* THE TASK
Report back the lines in this listing that carry the string "exact".
---+---
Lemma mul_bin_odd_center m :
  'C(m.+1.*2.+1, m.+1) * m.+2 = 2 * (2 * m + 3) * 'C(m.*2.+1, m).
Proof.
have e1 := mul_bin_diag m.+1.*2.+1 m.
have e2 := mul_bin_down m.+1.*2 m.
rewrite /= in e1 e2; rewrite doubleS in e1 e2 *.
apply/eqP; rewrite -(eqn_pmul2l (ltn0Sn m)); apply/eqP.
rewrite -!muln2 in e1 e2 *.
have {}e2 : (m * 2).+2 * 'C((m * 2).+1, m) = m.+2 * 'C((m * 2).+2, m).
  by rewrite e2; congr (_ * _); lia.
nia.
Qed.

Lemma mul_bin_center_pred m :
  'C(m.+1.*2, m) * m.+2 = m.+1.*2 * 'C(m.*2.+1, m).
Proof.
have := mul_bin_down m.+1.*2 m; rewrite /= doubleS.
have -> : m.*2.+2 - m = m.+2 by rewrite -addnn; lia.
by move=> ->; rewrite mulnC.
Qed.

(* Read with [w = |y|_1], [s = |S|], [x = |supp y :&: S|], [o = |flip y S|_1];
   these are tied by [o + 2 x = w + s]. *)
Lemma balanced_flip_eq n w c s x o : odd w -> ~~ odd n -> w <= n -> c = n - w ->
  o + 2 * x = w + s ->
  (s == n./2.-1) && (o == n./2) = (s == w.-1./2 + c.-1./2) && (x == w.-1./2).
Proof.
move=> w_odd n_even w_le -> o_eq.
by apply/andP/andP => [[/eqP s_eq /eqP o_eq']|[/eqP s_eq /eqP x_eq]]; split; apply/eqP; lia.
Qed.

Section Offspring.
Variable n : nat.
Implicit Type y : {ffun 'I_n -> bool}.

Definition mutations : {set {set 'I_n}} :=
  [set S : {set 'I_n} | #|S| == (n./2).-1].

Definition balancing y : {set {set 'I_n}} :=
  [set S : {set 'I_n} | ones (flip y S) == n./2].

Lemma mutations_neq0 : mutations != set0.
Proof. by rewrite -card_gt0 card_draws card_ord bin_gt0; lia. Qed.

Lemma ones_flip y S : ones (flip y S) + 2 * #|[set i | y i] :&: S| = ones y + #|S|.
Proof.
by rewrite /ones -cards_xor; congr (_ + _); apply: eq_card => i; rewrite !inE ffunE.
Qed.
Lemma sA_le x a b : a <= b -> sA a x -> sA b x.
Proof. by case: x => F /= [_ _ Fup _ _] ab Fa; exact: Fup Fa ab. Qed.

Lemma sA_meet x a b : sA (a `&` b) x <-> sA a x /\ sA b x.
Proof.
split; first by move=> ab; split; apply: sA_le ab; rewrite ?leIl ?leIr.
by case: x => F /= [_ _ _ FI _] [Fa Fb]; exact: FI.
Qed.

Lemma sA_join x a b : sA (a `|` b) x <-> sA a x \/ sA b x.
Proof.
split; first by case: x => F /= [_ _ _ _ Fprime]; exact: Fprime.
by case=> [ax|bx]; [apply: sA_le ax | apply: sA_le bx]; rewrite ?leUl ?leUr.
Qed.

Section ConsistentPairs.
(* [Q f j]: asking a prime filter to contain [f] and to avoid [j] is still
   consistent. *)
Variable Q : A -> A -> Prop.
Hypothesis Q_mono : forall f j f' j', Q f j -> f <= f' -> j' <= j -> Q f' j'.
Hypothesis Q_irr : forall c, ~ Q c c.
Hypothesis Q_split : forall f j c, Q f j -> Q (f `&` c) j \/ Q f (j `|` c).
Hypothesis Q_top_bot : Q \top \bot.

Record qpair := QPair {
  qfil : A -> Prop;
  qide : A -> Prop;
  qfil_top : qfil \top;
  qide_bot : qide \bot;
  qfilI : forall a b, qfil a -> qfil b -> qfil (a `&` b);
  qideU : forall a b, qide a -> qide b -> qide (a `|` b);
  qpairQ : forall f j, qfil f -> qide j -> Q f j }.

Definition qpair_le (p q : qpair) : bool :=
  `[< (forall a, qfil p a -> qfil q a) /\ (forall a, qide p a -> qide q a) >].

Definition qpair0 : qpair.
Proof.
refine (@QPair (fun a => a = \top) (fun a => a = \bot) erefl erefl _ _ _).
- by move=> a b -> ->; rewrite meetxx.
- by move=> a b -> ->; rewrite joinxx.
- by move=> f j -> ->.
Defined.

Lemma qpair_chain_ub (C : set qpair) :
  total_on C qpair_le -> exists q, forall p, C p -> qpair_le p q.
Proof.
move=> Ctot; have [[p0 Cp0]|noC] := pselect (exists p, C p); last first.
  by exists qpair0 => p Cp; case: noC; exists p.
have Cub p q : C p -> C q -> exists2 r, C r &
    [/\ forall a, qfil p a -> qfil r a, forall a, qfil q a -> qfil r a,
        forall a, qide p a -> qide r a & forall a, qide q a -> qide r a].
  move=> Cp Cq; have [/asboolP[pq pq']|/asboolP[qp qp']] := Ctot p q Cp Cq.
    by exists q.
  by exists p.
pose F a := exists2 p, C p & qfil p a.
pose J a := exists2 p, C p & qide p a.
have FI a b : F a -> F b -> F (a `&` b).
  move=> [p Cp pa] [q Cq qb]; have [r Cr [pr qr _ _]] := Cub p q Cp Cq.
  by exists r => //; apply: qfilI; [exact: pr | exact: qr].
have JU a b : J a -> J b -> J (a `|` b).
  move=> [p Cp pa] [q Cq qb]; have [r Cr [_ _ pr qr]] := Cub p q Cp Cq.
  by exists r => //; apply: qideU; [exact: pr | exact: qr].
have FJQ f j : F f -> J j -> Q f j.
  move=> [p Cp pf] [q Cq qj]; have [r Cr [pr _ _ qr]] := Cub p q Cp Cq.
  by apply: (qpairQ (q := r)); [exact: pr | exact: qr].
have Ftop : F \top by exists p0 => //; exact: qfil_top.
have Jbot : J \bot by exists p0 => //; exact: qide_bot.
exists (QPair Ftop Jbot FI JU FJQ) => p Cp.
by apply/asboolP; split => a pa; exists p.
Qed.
---+---
* TASK SOLUTION
Proof. by case: x => F /= [_ _ Fup _ _] ab Fa; exact: Fup Fa ab. Qed.
by case: x => F /= [_ _ _ FI _] [Fa Fb]; exact: FI.
split; first by case: x => F /= [_ _ _ _ Fprime]; exact: Fprime.
  by exists r => //; apply: qfilI; [exact: pr | exact: qr].
  by exists r => //; apply: qideU; [exact: pr | exact: qr].
  by apply: (qpairQ (q := r)); [exact: pr | exact: qr].
have Ftop : F \top by exists p0 => //; exact: qfil_top.
have Jbot : J \bot by exists p0 => //; exact: qide_bot.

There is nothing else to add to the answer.